- Artist: Lee Kelly
- Year: 1978–1979
- Type: Sculpture
- Dimensions: 3.0 m × 2.4 m × 2.4 m (10 ft × 8 ft × 8 ft)
- Condition: "Treatment needed" (1993)
- Location: West Haven-Sylvan, Oregon, United States
- 45°30′39″N 122°46′01″W﻿ / ﻿45.51083°N 122.76693°W

= Elkhorn (sculpture) =

Outdoor sculpture by Lee Kelly in the U.S. state of Oregon

Elkhorn is an outdoor 1979 sculpture by Lee Kelly, installed at Catlin Gabel School in West Haven-Sylvan, a census-designated place in Washington County and the Portland metropolitan area, in the U.S. state of Oregon.

==Description==
Lee Kelly's Elkhorn is a welded Cor-Ten steel sculpture installed west of Toad Hall at Catlin Gabel School in West Haven-Sylvan, Oregon.

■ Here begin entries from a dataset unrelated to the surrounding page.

Lemma rowsub_ctrmx r n (g : 'I_r -> 'I_n) (A : 'M[C]_(r, n)) :
  rowsub g (ctrmx A) = ctrmx (colsub g A).
Proof. by apply/matrixP => i j; rewrite !mxE. Qed.

Lemma rdiag_mul n (d1 d2 : 'I_n -> R) :
  rdiag d1 *m rdiag d2 = rdiag (fun k => d1 k * d2 k).
Proof.
apply/matrixP => i j; rewrite mul_diag_mx !mxE.
by case: eqP => [->|_]; rewrite ?mulr1n ?mulr0n ?mulr0 // rmorphM.
Qed.

Lemma rdiag_add n (d1 d2 : 'I_n -> R) :
  rdiag d1 + rdiag d2 = rdiag (fun k => d1 k + d2 k).
Proof.
apply/matrixP => i j; rewrite !mxE.
by case: eqP => [->|_]; rewrite ?mulr1n ?mulr0n ?addr0 // rmorphD.
Qed.

Lemma subr_scale_rdiag n (x : R) (d : 'I_n -> R) :
  1%:M - x%:C *: rdiag d = rdiag (fun k => 1 - x * d k).
Proof.
apply/matrixP => i j; rewrite !mxE.
by case: eqP => [->|_]; rewrite ?mulr1n ?mulr0n ?mulr0 ?subr0 // rmorphB rmorphM.
Qed.

Lemma qf_psd n (v : 'rV[C]_n) (M : 'M[C]_n) :
  psd M -> 0 <= (v *m M *m ctrmx v) 0 0.
Proof. by move=> [_ /(_ (ctrmx v))]; rewrite ctrmxK. Qed.

Lemma qf_rdiag_gt0 n (v : 'rV[C]_n) (d : 'I_n -> R) :
  (forall k, 0 < d k) -> v != 0 -> 0 < (v *m rdiag d *m ctrmx v) 0 0.
Proof.
move=> d_gt0 v_neq0.
have [k vk_neq0] : exists k, v 0 k != 0.
  apply/existsP; apply: contraR v_neq0 => /existsPn v0.
  by apply/eqP/matrixP => i j; rewrite ord1 mxE; exact/eqP/negbNE/v0.
rewrite mul_mx_diag mxE (bigD1 k) //= !mxE.
have term_ge0 j : 0 <= v 0 j * (d j)%:C * (v 0 j)^*.
  by rewrite -mulrA mulrCA mulr_ge0 ?mul_conjC_ge0 // ler0c ltW.
apply: ltr_wpDr; first by apply: sumr_ge0 => j _; rewrite !mxE.
by rewrite -mulrA mulrCA mulr_gt0 ?mul_conjC_gt0 // ltcR.
Qed.

Lemma qf_id_gt0 n (v : 'rV[C]_n) : v != 0 -> 0 < (v *m ctrmx v) 0 0.
Proof.
move=> v_neq0; have := @qf_rdiag_gt0 n v (fun _ => 1) (fun _ => ltr01) v_neq0.
suff -> : v *m rdiag (fun=> 1 : R) = v by [].
by apply/matrixP => i j; rewrite mul_mx_diag !mxE mulr1.
Qed.

Lemma qf_pd_unit n (M : 'M[C]_n) :
  (forall v : 'rV_n, v != 0 -> 0 < (v *m M *m ctrmx v) 0 0) -> M \in unitmx.
Proof.
move=> M_pd; rewrite unitmxE unitfE; apply/negP => /det0P [v v_neq0 vM].
by have := M_pd v v_neq0; rewrite vM mul0mx mxE ltxx.
Qed.

Lemma qf_delta n (k : 'I_n) (M : 'M[C]_n) :
  ((delta_mx 0 k : 'rV[C]_n) *m M *m ctrmx (delta_mx 0 k : 'rV[C]_n)) 0 0
  = M k k.
Proof.
have -> : ctrmx (delta_mx 0 k : 'rV[C]_n) = delta_mx k 0.
  apply/matrixP => i j; rewrite !mxE andbC.
  by case: (_ && _); rewrite ?conjC0 ?conjC1.
by rewrite -rowE -colE !mxE.
Qed.

End ComplexMatrices.

Section GramDeterminants.
Variable R : realType.
Local Notation C := R[i].

Lemma cauchy_binet_gram_rdiag r n (H : 'M[C]_(r, n)) (d : 'I_n -> R) :
  r`!%:R * \det (H *m rdiag d *m ctrmx H) =
  \sum_(g : {ffun 'I_r -> 'I_n})
     (\prod_i (d (g i))%:C) * (\det (colsub g H) * (\det (colsub g H))^*).
Proof.
rewrite cauchy_binet_ffun; apply: eq_bigr => g _.
rewrite rowsub_ctrmx det_ctrmx mulrA; congr (_ * _).
have -> : colsub g (H *m rdiag d) = colsub g H *m rdiag (fun i => d (g i)).
  by apply/matrixP => i j; rewrite !mul_mx_diag !mxE.
rewrite det_mulmx det_diag mulrC; congr (_ * _).
by apply: eq_bigr => i _; rewrite mxE.
Qed.

Lemma gram_rdiag_unit r n (H : 'M[C]_(r, n)) (d : 'I_n -> R) :
  (forall k, 0 < d k) -> row_free H -> H *m rdiag d *m ctrmx H \in unitmx.
Proof.
move=> d_gt0 H_free; apply: qf_pd_unit => v v_neq0.
rewrite (_ : v *m _ *m _ = (v *m H) *m rdiag d *m ctrmx (v *m H)).
  by apply: qf_rdiag_gt0; rewrite ?mulmx_free_eq0.
by rewrite ctrmxM !mulmxA.
Qed.

Lemma det_gram_rdiag_gt0 r n (H : 'M[C]_(r, n)) (d : 'I_n -> R) :
  (forall k, 0 < d k) -> row_free H -> 0 < \det (H *m rdiag d *m ctrmx H).
Proof.
move=> d_gt0 H_free; rewrite lt_def -unitfE -unitmxE gram_rdiag_unit //=.
have fact_gt0C : 0 < r`!%:R :> C by rewrite ltr0n fact_gt0.
rewrite -(pmulr_rge0 _ fact_gt0C) cauchy_binet_gram_rdiag; apply: sumr_ge0 => g _.
rewrite mulr_ge0 ?mul_conjC_ge0 //.
by apply: prodr_ge0 => i _; rewrite ler0c ltW.
Qed.

Definition gram_det_ratio r n (a c : 'I_n -> R) (H : 'M[C]_(r, n)) : C :=
  \det (H *m rdiag a *m ctrmx H) / \det (H *m rdiag c *m ctrmx H).

Lemma gram_det_ratio_gt0 r n (a c : 'I_n -> R) (H : 'M[C]_(r, n)) :
  (forall k, 0 < a k) -> (forall k, 0 < c k) -> row_free H ->
  0 < gram_det_ratio a c H.
Proof. by move=> a_gt0 c_gt0 H_free; rewrite divr_gt0 ?det_gram_rdiag_gt0. Qed.

Lemma first_rows_mul r n (Hr : (r <= n)%N) (A B : 'M[C]_n) :
  first_rows Hr A *m B = first_rows Hr (A *m B).
Proof. exact: mul_rowsub_mx. Qed.

Lemma first_rows1_free r n (Hr : (r <= n)%N) :
  row_free (first_rows Hr (1%:M : 'M[C]_n)).
Proof.
apply/row_freeP; exists (colsub (widen_ord Hr) 1%:M).
by rewrite mulmx_colsub mulmx1; apply/matrixP => i j; rewrite !mxE.
Qed.

Lemma gram_first_rows1 r n (Hr : (r <= n)%N) (M : 'M[C]_n) :
  first_rows Hr 1%:M *m M *m ctrmx (first_rows Hr 1%:M) =
  mxsub (widen_ord Hr) (widen_ord Hr) M.
Proof.
have -> : ctrmx (first_rows Hr (1%:M : 'M[C]_n)) = colsub (widen_ord Hr) 1%:M.
  apply/matrixP => i j; rewrite !mxE eq_sym.
  by case: (_ == _); rewrite ?conjC0 ?conjC1.
rewrite -mulmxA mulmx_colsub mulmx1 /first_rows mul_rowsub_mx mul1mx.
by apply/matrixP => i j; rewrite !mxE.
Qed.

Lemma gram_det_ratio_first_rows1 r n (Hr : (r <= n)%N) (a c : 'I_n -> R) :
  gram_det_ratio a c (first_rows Hr 1%:M) =
  (\prod_(k < r) a (widen_ord Hr k) / \prod_(k < r) c (widen_ord Hr k))%:C.
Proof.
have sub_rdiag d : mxsub (widen_ord Hr) (widen_ord Hr) (rdiag d) =
    rdiag (fun k => d (widen_ord Hr k)).
  by apply/matrixP => i j; rewrite !mxE.
rewrite /gram_det_ratio !gram_first_rows1 !sub_rdiag !det_diag fmorph_div.
by rewrite !rmorph_prod; congr (_ / _); apply: eq_bigr => k _; rewrite mxE.
Qed.

Lemma gram_det_ratio_le_first_rows1 r n (Hr : (r <= n)%N) (a c : 'I_n -> R)
    (H : 'M[C]_(r, n)) :
  (forall k, 0 < a k) -> (forall k, 0 < c k) ->
  (forall k l : 'I_n, (k <= l)%N -> a l / c l <= a k / c k) -> row_free H ->
  gram_det_ratio a c H <= gram_det_ratio a c (first_rows Hr 1%:M).
Proof.
move=> a_gt0 c_gt0 ac_mono H_free.
have tc_gt0 : 0 < \prod_(k < r) c (widen_ord Hr k) by apply: prodr_gt0.
rewrite gram_det_ratio_first_rows1 /gram_det_ratio fmorph_div.
rewrite ler_pdivrMr ?det_gram_rdiag_gt0 // mulrAC ler_pdivlMr ?ltcR //.
have fact_gt0C : 0 < r`!%:R :> C by rewrite ltr0n fact_gt0.
rewrite -(ler_pM2l fact_gt0C) mulrA cauchy_binet_gram_rdiag.
rewrite [in X in _ <= X]mulrCA cauchy_binet_gram_rdiag big_distrl big_distrr /=.
apply: ler_sum => g _; set w := \det (colsub g H) * _.
have [g_inj|g_ninj] := boolP (injectiveb g); last first.
  by rewrite /w det_colsub_eq0 // !(mul0r, mulr0).
have w_ge0 : 0 <= w by apply: mul_conjC_ge0.
clearbody w; rewrite mulrAC mulrA -!rmorph_prod -!rmorphM ler_wpM2r //.
by rewrite lecR mulrC prod_inj_cross_le //; apply/injectiveP.
Qed.

End GramDeterminants.

Section Whitening.
Variables (R : realType) (n K : nat) (alpha : 'I_K -> R).
Variables (Q : 'I_K -> 'M[R[i]]_n) (i : 'I_K).
Hypotheses (Q_psd : forall j, psd (Q j)) (alpha_gt0 : forall j, 0 < alpha j).
Variables (Si S U V : 'M[R[i]]_n) (s : 'I_n -> R).
Hypotheses (Si_sqrt : is_psd_sqrt (Q i) Si).
Hypotheses (S_sqrt : is_psd_sqrt (Qsum alpha Q) S).
Hypothesis (svd : is_svd (Si *m invmx S) U V s).

Lemma id_add_psd_sum_qf_gt0 (P : pred 'I_K) (v : 'rV_n) : v != 0 ->
  0 < (v *m (1%:M + \sum_(j | P j) (alpha j)%:C *: Q j) *m ctrmx v) 0 0.
Proof.
move=> v_neq0.
rewrite mulmxDr mulmxDl mxE mulmx1 mulmx_sumr mulmx_suml summxE ltr_wpDr //.
  apply: sumr_ge0 => j _; rewrite -scalemxAr -scalemxAl mxE.
  by rewrite mulr_ge0 ?qf_psd // ler0c ltW.
exact: qf_id_gt0.
Qed.

Lemma Rint_qf_gt0 (v : 'rV_n) :
  v != 0 -> 0 < (v *m Defs.Rint alpha Q i *m ctrmx v) 0 0.
Proof.
have -> : Defs.Rint alpha Q i = 1%:M + \sum_(j | j != i) (alpha j)%:C *: Q j.
  by rewrite /Defs.Rint /Qsum (bigD1 i) //= addrCA addrC addrK.
exact: id_add_psd_sum_qf_gt0.
Qed.

Lemma sqrt_Qsum_unit : S \in unitmx.
Proof.
case: S_sqrt => _ SS.
have := qf_pd_unit (id_add_psd_sum_qf_gt0 predT).
by rewrite -/(Qsum alpha Q) -SS unitmx_mul => /andP [].
Qed.

Definition whitening := ctrmx V *m invmx S.

Lemma whitening_Qsum : whitening *m Qsum alpha Q *m ctrmx whitening = 1%:M.
Proof.
case: S_sqrt => [[S_herm _] SS]; case: svd => _ [_ VV] _ _ _.
rewrite /whitening ctrmxM ctrmx_inv S_herm ctrmxK -SS.
have S_unit := sqrt_Qsum_unit.
by rewrite !mulmxA mulmxKV // -!mulmxA mulKVmx // mulmx1.
Qed.

Lemma whitening_unit : whitening \in unitmx.
Proof.
case: svd => _ [VV _] _ _ _.
by rewrite unitmx_mul unitmx_inv sqrt_Qsum_unit andbT; case: (mulmx1_unit VV).
Qed.

Lemma whitening_Qi :
  whitening *m Q i *m ctrmx whitening = rdiag (fun k => s k ^+ 2).
Proof.
case: Si_sqrt => [[Si_herm _] SiSi]; case: S_sqrt => [[S_herm _] _].
case: svd => [[_ UU] [_ VV] _ _ A_svd].
have AV : Si *m invmx S *m V = U *m rdiag s by rewrite A_svd -mulmxA VV mulmx1.
have -> : whitening *m Q i *m ctrmx whitening =
    ctrmx (Si *m invmx S *m V) *m (Si *m invmx S *m V).
  by rewrite /whitening -SiSi !ctrmxM ctrmx_inv S_herm Si_herm ctrmxK !mulmxA.
rewrite AV ctrmxM ctrmx_rdiag -mulmxA (mulmxA (ctrmx U)) UU mul1mx rdiag_mul.
by congr diag_mx; apply/rowP => k; rewrite !mxE expr2.
Qed.

Definition eig_Rint k := 1 - alpha i * s k ^+ 2.

Definition eig_RintQi k := eig_Rint k + s k ^+ 2.

Lemma whitening_Rint :
  whitening *m Defs.Rint alpha Q i *m ctrmx whitening = rdiag eig_Rint.
Proof.
rewrite /Defs.Rint mulmxBr mulmxBl -scalemxAr -scalemxAl.
by rewrite whitening_Qsum whitening_Qi subr_scale_rdiag.
Qed.

Lemma eig_Rint_gt0 k : 0 < eig_Rint k.
Proof.
have e_neq0 : (delta_mx 0 k : 'rV_n) *m whitening != 0.
  rewrite mulmx_free_eq0 ?row_free_unit ?whitening_unit //.
  apply/eqP => /matrixP /(_ 0 k) /eqP.
  by rewrite !mxE !eqxx /= oner_eq0.
rewrite -ltcR; have := Rint_qf_gt0 e_neq0.
rewrite (_ : _ *m _ *m _ = delta_mx 0 k *m (whitening *m Defs.Rint alpha Q i
    *m ctrmx whitening) *m ctrmx (delta_mx 0 k : 'rV_n)); last first.
  by rewrite ctrmxM !mulmxA.
by rewrite whitening_Rint qf_delta !mxE eqxx mulr1n.
Qed.

Lemma eig_RintQi_gt0 k : 0 < eig_RintQi k.
Proof. by rewrite ltr_wpDr ?sqr_ge0 ?eig_Rint_gt0. Qed.

Lemma eig_ratio_nonincreasing (k l : 'I_n) :
  (k <= l)%N -> eig_RintQi l / eig_Rint l <= eig_RintQi k / eig_Rint k.
Proof.
case: svd => _ _ s_ge0 s_mono _ /s_mono s_kl.
have := eig_Rint_gt0 k; have := eig_Rint_gt0 l.
rewrite ler_pdivrMr ?eig_Rint_gt0 // mulrAC ler_pdivlMr ?eig_Rint_gt0 //.
rewrite /eig_RintQi /eig_Rint => c_l c_k.
have s_kl2 : s l ^+ 2 <= s k ^+ 2 by rewrite ler_pXn2r ?nnegrE ?s_ge0.
nra.
Qed.

Lemma rank_whitened r (G : 'M[R[i]]_(r, n)) : \rank (G *m S *m V) = \rank G.
Proof.
case: svd => _ [VV _] _ _ _; rewrite -mulmxA mxrankMfree // row_free_unit.
by rewrite unitmx_mul sqrt_Qsum_unit; case: (mulmx1_unit VV).
Qed.

Lemma first_rows_whitened r (Hr : (r <= n)%N) :
  first_rows Hr (ctrmx V) *m invmx S *m S *m V = first_rows Hr 1%:M.
Proof.
case: svd => _ [_ VV] _ _ _.
by rewrite -(mulmxA _ _ S) mulVmx ?sqrt_Qsum_unit // mulmx1 first_rows_mul VV.
Qed.

Lemma Cbar_whitened r (G : 'M[R[i]]_(r, n)) : row_free (G *m S *m V) ->
  Cbar alpha Q i G =
  log2 (complex.Re (gram_det_ratio eig_RintQi eig_Rint (G *m S *m V))).
Proof.
move=> H_free; set H := G *m S *m V.
have G_sandwich M : G *m M *m ctrmx G =
    H *m (whitening *m M *m ctrmx whitening) *m ctrmx H.
  case: svd => _ [VV _] _ _ _.
  have -> : G = H *m whitening.
    rewrite /H /whitening -!mulmxA (mulmxA V) VV mul1mx.
    by rewrite mulmxV ?sqrt_Qsum_unit ?mulmx1.
  by rewrite ctrmxM !mulmxA.
rewrite /Cbar !G_sandwich whitening_Qi whitening_Rint.
have Y_unit := gram_rdiag_unit eig_Rint_gt0 H_free.
rewrite -[X in X + _](mulmxV Y_unit) -!mulmxDl -mulmxDr rdiag_add.
by rewrite det_mulmx det_inv.
Qed.

End Whitening.

Lemma log2_Re_le (R : realType) (x y : R[i]) :
  0 < x -> x <= y -> log2 (complex.Re x) <= log2 (complex.Re y).
Proof.
rewrite ltcE lecE => /andP [_ Rex_gt0] /andP [_ Rexy].
have Rey_gt0 := lt_le_trans Rex_gt0 Rexy.
rewrite /log2 ler_wpM2r ?invr_ge0 ?ln_ge0 ?ler1n //.
by rewrite ler_ln ?posrE.
Qed.

Theorem lemma1 (R : realType) (Nrx NUE r : nat)
  (HNrx : (1 <= Nrx)%N) (HNUE : (1 <= NUE)%N)
  (Hr1 : (1 <= r)%N) (Hr : (r <= Nrx)%N)
  (Q : 'I_NUE -> 'M[R[i]]_Nrx) (alpha : 'I_NUE -> R)
  (HQ : forall j, psd (Q j)) (Halpha : forall j, 0 < alpha j)
  (i : 'I_NUE)
  (Si S : 'M[R[i]]_Nrx)
  (HSi : is_psd_sqrt (Q i) Si)
  (HS : is_psd_sqrt (Qsum alpha Q) S)
  (U V : 'M[R[i]]_Nrx) (s : 'I_Nrx -> R)
  (Hsvd : is_svd (Si *m invmx S) U V s) :
  let Gi := first_rows Hr (ctrmx V) *m invmx S in
  \rank Gi = r /\
  forall G : 'M[R[i]]_(r, Nrx), \rank G = r ->
    Cbar alpha Q i G <= Cbar alpha Q i Gi.
Proof.
move=> Gi.
have rank_GSV := rank_whitened HQ Halpha HS Hsvd.
have GiSV : Gi *m S *m V = first_rows Hr 1%:M.
  by rewrite /Gi (first_rows_whitened HQ Halpha HS Hsvd).
have whitened_free (G : 'M[R[i]]_(r, Nrx)) :
    \rank G = r -> row_free (G *m S *m V).
  by rewrite /row_free rank_GSV => ->.
have rank_Gi : \rank Gi = r.
  by rewrite -rank_GSV GiSV; apply/eqP/first_rows1_free.
split; first exact: rank_Gi.
move=> G rank_G.
rewrite (Cbar_whitened HQ Halpha HSi HS Hsvd (whitened_free _ rank_G)).
rewrite (Cbar_whitened HQ Halpha HSi HS Hsvd (whitened_free _ rank_Gi)) GiSV.
have eig_gt0 := eig_Rint_gt0 HQ Halpha HSi HS Hsvd.
have eigQ_gt0 := eig_RintQi_gt0 HQ Halpha HSi HS Hsvd.
apply: log2_Re_le; first exact: gram_det_ratio_gt0 (whitened_free G rank_G).
apply: gram_det_ratio_le_first_rows1 => //; last exact: whitened_free.
by move=> k l; apply: (eig_ratio_nonincreasing HQ Halpha HSi HS Hsvd).
Qed.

It was designed in 1978, the year his son with Bonnie Bronson, Jason, died of leukemia. The sculpture was commissioned by Kelly's friends, and dedicated in 1979 in his son's memory. The abstract, geometric work features three rectangular legs supporting a rectangular platform, with another rectangular shape suspended underneath the platform. It measures approximately 10 ft x 8 ft x 8 ft. One of the sculpture's legs has an inscription that reads Lee Kelly / 1978 and a plaque with the text, ELKHORN / IN MEMORY OF / JASON KELLY / PLACED HERE BY HIS FRIENDS / JUNE 1979.

The sculpture is administered by Catlin Gabel School. It was surveyed and deemed "treatment needed" by the Smithsonian Institution's "Save Outdoor Sculpture!" program in November 1993.